● **ABOUT THIS EXERCISE**: Your answer must consist solely of the lines from the start of the entries below through the line with "by split => //; exists I, O.", unchanged.

····················

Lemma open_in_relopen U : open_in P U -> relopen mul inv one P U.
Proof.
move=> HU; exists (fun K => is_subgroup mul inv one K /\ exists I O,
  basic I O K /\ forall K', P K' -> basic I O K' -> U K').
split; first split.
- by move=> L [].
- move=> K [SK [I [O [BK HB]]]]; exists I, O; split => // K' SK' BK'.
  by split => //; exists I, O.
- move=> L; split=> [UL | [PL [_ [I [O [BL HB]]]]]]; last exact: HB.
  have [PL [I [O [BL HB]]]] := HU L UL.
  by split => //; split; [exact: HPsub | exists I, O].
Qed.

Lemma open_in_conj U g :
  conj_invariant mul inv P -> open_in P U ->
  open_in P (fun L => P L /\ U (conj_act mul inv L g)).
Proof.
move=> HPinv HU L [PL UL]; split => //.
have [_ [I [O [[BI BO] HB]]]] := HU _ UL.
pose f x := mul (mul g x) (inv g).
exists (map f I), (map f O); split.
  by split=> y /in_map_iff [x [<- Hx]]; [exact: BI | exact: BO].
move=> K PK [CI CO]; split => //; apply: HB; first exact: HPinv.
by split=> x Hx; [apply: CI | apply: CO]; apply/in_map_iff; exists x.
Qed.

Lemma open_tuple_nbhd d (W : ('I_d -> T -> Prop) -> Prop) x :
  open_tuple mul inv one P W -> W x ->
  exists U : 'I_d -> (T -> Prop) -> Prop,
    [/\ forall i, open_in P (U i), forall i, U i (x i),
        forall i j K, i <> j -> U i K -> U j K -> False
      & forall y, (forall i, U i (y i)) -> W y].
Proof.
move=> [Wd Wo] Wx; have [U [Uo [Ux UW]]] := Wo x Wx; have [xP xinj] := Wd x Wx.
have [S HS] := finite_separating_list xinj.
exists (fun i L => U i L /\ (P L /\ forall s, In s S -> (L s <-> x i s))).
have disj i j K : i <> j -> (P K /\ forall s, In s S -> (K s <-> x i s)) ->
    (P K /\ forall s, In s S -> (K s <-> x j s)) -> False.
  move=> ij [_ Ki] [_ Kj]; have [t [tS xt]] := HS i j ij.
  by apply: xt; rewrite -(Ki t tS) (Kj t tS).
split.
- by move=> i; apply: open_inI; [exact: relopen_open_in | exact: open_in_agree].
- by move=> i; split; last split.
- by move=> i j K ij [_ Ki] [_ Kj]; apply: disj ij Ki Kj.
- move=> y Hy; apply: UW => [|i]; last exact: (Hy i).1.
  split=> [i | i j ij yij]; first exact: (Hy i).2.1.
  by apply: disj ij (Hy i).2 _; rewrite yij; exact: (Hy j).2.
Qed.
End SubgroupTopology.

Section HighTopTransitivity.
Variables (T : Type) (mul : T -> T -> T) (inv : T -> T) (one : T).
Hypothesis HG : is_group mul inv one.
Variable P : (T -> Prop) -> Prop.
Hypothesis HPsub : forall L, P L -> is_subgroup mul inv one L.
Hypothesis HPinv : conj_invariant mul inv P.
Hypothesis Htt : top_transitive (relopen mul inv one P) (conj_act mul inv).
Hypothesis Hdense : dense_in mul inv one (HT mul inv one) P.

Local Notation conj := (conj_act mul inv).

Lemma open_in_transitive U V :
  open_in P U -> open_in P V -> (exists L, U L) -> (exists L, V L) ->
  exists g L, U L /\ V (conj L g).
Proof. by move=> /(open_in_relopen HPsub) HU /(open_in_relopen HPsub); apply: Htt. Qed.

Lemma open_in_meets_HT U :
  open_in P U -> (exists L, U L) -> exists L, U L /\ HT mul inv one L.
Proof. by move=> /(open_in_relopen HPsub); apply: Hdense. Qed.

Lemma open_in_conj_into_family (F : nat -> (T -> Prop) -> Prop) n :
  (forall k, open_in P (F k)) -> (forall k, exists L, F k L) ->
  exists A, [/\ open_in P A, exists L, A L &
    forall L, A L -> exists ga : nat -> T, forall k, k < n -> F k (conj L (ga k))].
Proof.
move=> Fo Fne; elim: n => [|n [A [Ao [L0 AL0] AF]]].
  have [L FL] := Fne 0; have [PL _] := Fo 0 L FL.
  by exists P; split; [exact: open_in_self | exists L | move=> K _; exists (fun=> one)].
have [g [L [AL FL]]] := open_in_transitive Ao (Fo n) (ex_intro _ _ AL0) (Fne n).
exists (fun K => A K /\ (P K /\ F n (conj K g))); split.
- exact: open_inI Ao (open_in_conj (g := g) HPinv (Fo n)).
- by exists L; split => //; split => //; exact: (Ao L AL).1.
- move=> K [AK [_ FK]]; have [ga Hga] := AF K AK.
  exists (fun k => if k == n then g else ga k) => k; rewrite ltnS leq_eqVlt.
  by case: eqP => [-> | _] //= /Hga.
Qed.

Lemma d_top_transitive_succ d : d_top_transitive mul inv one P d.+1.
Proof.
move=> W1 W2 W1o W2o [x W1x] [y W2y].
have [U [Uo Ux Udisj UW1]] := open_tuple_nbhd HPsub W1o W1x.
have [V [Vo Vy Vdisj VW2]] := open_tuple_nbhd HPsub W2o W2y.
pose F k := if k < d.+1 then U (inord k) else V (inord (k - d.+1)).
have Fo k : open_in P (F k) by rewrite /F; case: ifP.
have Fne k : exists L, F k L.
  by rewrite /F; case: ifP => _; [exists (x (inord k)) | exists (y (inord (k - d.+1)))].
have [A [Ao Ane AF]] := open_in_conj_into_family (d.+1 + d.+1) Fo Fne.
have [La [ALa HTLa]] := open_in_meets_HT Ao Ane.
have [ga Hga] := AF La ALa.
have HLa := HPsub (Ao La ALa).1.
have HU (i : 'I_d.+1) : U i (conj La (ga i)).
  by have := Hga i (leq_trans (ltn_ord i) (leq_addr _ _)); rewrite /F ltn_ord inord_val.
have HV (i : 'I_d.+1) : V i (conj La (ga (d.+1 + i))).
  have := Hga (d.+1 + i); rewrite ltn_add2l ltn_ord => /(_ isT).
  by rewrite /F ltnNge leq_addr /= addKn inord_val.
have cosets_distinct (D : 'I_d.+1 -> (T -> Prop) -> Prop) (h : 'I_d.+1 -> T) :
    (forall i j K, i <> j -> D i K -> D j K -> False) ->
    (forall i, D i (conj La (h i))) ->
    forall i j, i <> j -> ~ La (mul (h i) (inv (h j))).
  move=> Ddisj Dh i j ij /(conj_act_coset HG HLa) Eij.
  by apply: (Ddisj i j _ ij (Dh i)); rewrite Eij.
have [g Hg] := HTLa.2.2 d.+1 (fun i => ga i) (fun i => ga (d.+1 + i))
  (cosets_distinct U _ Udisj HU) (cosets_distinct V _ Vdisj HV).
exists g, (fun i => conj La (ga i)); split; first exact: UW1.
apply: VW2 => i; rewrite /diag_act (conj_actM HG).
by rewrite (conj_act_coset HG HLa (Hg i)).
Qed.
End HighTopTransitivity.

····················

● **ANSWER SECTION**:
Lemma open_in_relopen U : open_in P U -> relopen mul inv one P U.
Proof.
move=> HU; exists (fun K => is_subgroup mul inv one K /\ exists I O,
  basic I O K /\ forall K', P K' -> basic I O K' -> U K').
split; first split.
- by move=> L [].
- move=> K [SK [I [O [BK HB]]]]; exists I, O; split => // K' SK' BK'.
  by split => //; exists I, O.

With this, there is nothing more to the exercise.